GOAL OF THE EXERCISE = Wherever a line in the data holds the word "generates", pull that line out.

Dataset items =
━━━━━━━━━━━━━━━━━━━━━━━━━━━━━━
(* Duality step: a matrix A pairing nonnegatively with every positive
   operator lies in the tensor cone; otherwise a separating functional,
   read as an operator, would be positive (bipolar theorem) yet pair
   negatively with A. *)
Lemma positive_pairing_in_cone (A : 'M[R]_n) : interior K !=set0 ->
  (forall M, (forall x, K x -> K (x *m M)) -> 0 <= dot (mxvec M) (mxvec A)) ->
  tensor_cone (mxvec A).
Proof.
move=> Kint A_pos; apply/not_notP => A_out.
have tensor_coneZ t v : 0 <= t -> tensor_cone v -> tensor_cone (t *: v).
  by move=> t0; apply: finsumsZ => w; exact: tensorsZ.
have [w [w_pos wA]] := cone_separation (tensor_cone_closed Kint) (finsums0 _)
  (@finsumsD _ _) tensor_coneZ _ A_out.
pose T : 'M[R]_n := vec_mx w.
have T_pos x : K x -> K (x *m T).
  move=> Kx; apply/not_notP => /bipolar [y Ky xTy].
  have : tensor_cone (tensor x y) by apply: finsums_gen; exists x, y.
  by move=> /w_pos; rewrite -(vec_mxK w) dot_tensor -/T; lra.
by have := A_pos T T_pos; rewrite /T vec_mxK; lra.
Qed.

End Cones.

Lemma linfunE {R : realType} (U W : vectType R) (f : U -> W) (f_lin : linear f) u :
  linfun f u = f u.
Proof.
pose fL : {linear U -> W} := HB.pack f (GRing.isLinear.Build _ _ _ _ f f_lin).
exact: (lfunE fL u).
Qed.

Section Coordinates.
Context {R : realType} {n : nat}.
Local Notation X := 'rV[R]_n.

Definition op_of_mx (N : 'M[R]_n) : 'End(X) := linfun (fun x : X => x *m N).
Definition functional (y : X) : 'Hom(X, R^o) := linfun (fun x : X => (dot x y : R^o)).
Definition phi (x y : X) : 'Hom('End(X), R^o) :=
  linfun (fun M : 'End(X) => (functional y (M x) : R^o)).

Lemma op_of_mxE N x : op_of_mx N x = x *m N.
Proof. by rewrite linfunE // => a u v; rewrite mulmxDl scalemxAl. Qed.

Lemma functionalE y x : functional y x = dot x y.
Proof. by rewrite linfunE // => a u v /=; rewrite dotDl dotZl. Qed.

Lemma phiE x y M : phi x y M = dot (M x) y.
Proof.
rewrite linfunE ?functionalE // => a u v /=.
by rewrite add_lfunE scale_lfunE linearP.
Qed.

Definition mx_of_op (M : 'End(X)) : 'M[R]_n := \matrix_(i, j) M (delta_mx 0 i) ord0 j.

Lemma mx_of_opK (M : 'End(X)) : op_of_mx (mx_of_op M) = M.
Proof.
apply/lfunP => x; rewrite op_of_mxE [in RHS](row_sum_delta x) linear_sum.
apply/rowP => j; rewrite summxE !mxE; apply: eq_bigr => i _.
by rewrite linearZ /= !mxE.
Qed.

Definition mx_of_functional (f : 'Hom('End(X), R^o)) : 'M[R]_n :=
  \matrix_(i, j) f (op_of_mx (delta_mx i j)).

Lemma functional_op_of_mx (f : 'Hom('End(X), R^o)) N :
  f (op_of_mx N) = dot (mxvec N) (mxvec (mx_of_functional f)).
Proof.
have -> : op_of_mx N = \sum_i \sum_j N i j *: op_of_mx (delta_mx i j).
  apply/lfunP => x; rewrite op_of_mxE sum_lfunE {1}(matrix_sum_delta N) mulmx_sumr.
  apply: eq_bigr => i _; rewrite sum_lfunE mulmx_sumr; apply: eq_bigr => j _.
  by rewrite scale_lfunE op_of_mxE scalemxAr.
rewrite dot_mxvec linear_sum; apply: eq_bigr => i _; rewrite linear_sum.
by apply: eq_bigr => j _; rewrite linearZ /= mxE.
Qed.

End Coordinates.

Section Proposition.
Context {R : realType} {n : nat} {K : set 'rV[R]_n}.
Hypotheses (K0 : K 0) (KD : forall x y, K x -> K y -> K (x + y))
  (KZ : forall (l : R) x, 0 <= l -> K x -> K (l *: x))
  (Kpt : forall x, K x -> K (- x) -> x = 0) (Kcl : closed K)
  (Kint : interior K !=set0).

Lemma dual_coneE y : dual_cone K (functional y) <-> dualK K y.
Proof. by split => h x Kx; have := h x Kx; rewrite functionalE. Qed.
(* Let $G$ be a countable group and $\mu$ a symmetric probability measure on $G$ (i.e. $\mu(g)=\mu(g^{-1})$ for all $g$) whose support generates $G$ as a group. Let $(X_1,X_2,\ldots)$ be a $\mu$-random walk on $G$ and, for $n\ge 1$, let $\mathcal{S}_n$ be the semigroup generated by $\{X_n,X_{n+1},\ldots\}$. Fix $n\ge 1$. If almost surely $X_i^{-1}\in\mathcal{S}_n$ for all $i\ge n$, then $\mathcal{S}_n=G$ almost surely.
   Context: A $\mu$-random walk on $G$ is defined by taking $\zeta_1,\zeta_2,\ldots$ i.i.d. with law $\mu$ and setting $X_n=\zeta_1\zeta_2\cdots\zeta_n$. *)

From HB Require Import structures.
From mathcomp Require Import all_boot all_order all_algebra monoid.
From mathcomp Require Import all_classical all_reals all_analysis.
Set Implicit Arguments. Unset Strict Implicit. Unset Printing Implicit Defensive.
Import Order.TTheory GRing.Theory Num.Theory.
Local Open Scope classical_set_scope.
Local Open Scope ring_scope.

Section Defs.
Variable G : groupType.

Inductive sgen (A : set G) : set G :=
  | sgen_base x : A x -> sgen A x
  | sgen_mul x y : sgen A x -> sgen A y -> sgen A (monoid.mul x y).

Inductive ggen (A : set G) : set G :=
  | ggen_base x : A x -> ggen A x
  | ggen_one : ggen A monoid.one
  | ggen_inv x : ggen A x -> ggen A (monoid.inv x)
  | ggen_mul x y : ggen A x -> ggen A y -> ggen A (monoid.mul x y).

Variable R : realType.

Definition is_prob_fun (mu : G -> R) : Prop :=
  (forall g, 0 <= mu g) /\ (\esum_(g in [set: G]) (mu g)%:E = 1)%E.

Definition mu_support (mu : G -> R) : set G := [set g | mu g != 0].

Definition symmetric_fun (mu : G -> R) : Prop := forall g, mu g = mu (monoid.inv g).

Fixpoint rwalk (T : Type) (zeta : nat -> T -> G) (n : nat) (w : T) : G :=
  match n with
  | 0 => monoid.one
  | m.+1 => monoid.mul (rwalk zeta m w) (zeta m.+1 w)
  end.

(* zeta_1, zeta_2, ... are i.i.d. with law mu (G discrete): the events
   {zeta_i = g} are measurable and, for every k and g_1..g_k,
   P(zeta_1 = g_1, ..., zeta_k = g_k) = mu(g_1) ... mu(g_k). *)
Definition iid_law d (T : measurableType d) (P : probability T R)
    (zeta : nat -> T -> G) (mu : G -> R) : Prop :=
  (forall i g, measurable [set w | zeta i w = g]) /\
  (forall (k : nat) (g : nat -> G),
     P [set w | forall i, (1 <= i <= k)%N -> zeta i w = g i]
       = (\prod_(1 <= i < k.+1) mu (g i))%:E).

Definition Sgen_tail (T : Type) (zeta : nat -> T -> G) (n : nat) (w : T) : set G :=
  sgen [set x | exists i, (n <= i)%N /\ x = rwalk zeta i w].

End Defs.

From HB Require Import structures.
From mathcomp Require Import all_boot all_order all_algebra monoid.
From mathcomp Require Import all_classical all_reals all_analysis.
From mathcomp Require Import zify.
Import Order.TTheory GRing.Theory Num.Theory numFieldNormedType.Exports.
Local Open Scope classical_set_scope.
Local Open Scope ring_scope.
Set Implicit Arguments. Unset Strict Implicit. Unset Printing Implicit Defensive.

(* If every X_i^-1 (i >= n) lies in S_n, then S_n is closed under inverses and
   contains 1, so it contains every increment zeta_(i+1) = X_i^-1 X_(i+1) with
   i >= n.  Almost surely every g with mu g > 0 occurs among these increments,
   because the probability of avoiding g during l steps is at most
   (1 - mu g)^l.  Hence S_n contains the support of mu, and with it the group G
   that the support generates.  The probabilistic estimate is proved for
   nat-valued sequences and transported to G along an injection G -> nat. *)

Lemma geometric_bound_le0 (R : realType) (x : \bar R) (c : R) :
  0 <= c < 1 -> (forall l, (x <= (c ^+ l)%:E)%E) -> (x <= 0)%E.
Proof.
case: x => [r| |] // /andP[c0 c1] xc; last by have := xc 0%N; rewrite expr0.
have geo : (fun l => c ^+ l) @ \oo --> 0 by apply: cvg_expr; rewrite ger0_norm.
rewrite lee_fin -(cvg_lim _ geo) //; apply: limr_ge; first exact: cvgP geo.
by apply: nearW => l; rewrite -lee_fin.
Qed.

Section nat_valued_iid.
Variables (R : realType) (d : measure_display) (T : measurableType d).
Variables (P : probability T R) (nu : nat -> R) (xi : nat -> T -> nat).
Hypothesis nu_ge0 : forall m, 0 <= nu m.
Hypothesis nu_sum1 : (\sum_(m <oo) (nu m)%:E = 1)%E.
Hypothesis xi_measurable : forall i m, measurable [set w | xi i w = m].
Hypothesis xi_law : forall k (h : nat -> nat),
  (P [set w | forall i, (1 <= i <= k)%N -> xi i w = h i]
     <= (\prod_(1 <= i < k.+1) nu (h i))%:E)%E.

Definition mass (B : pred nat) : R := fine (\sum_(m <oo | B m) (nu m)%:E).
━━━━━━━━━━━━━━━━━━━━━━━━━━━━━━
EXERCISE SOLUTION =
(* Let $G$ be a countable group and $\mu$ a symmetric probability measure on $G$ (i.e. $\mu(g)=\mu(g^{-1})$ for all $g$) whose support generates $G$ as a group. Let $(X_1,X_2,\ldots)$ be a $\mu$-random walk on $G$ and, for $n\ge 1$, let $\mathcal{S}_n$ be the semigroup generated by $\{X_n,X_{n+1},\ldots\}$. Fix $n\ge 1$. If almost surely $X_i^{-1}\in\mathcal{S}_n$ for all $i\ge n$, then $\mathcal{S}_n=G$ almost surely.
   that the support generates.  The probabilistic estimate is proved for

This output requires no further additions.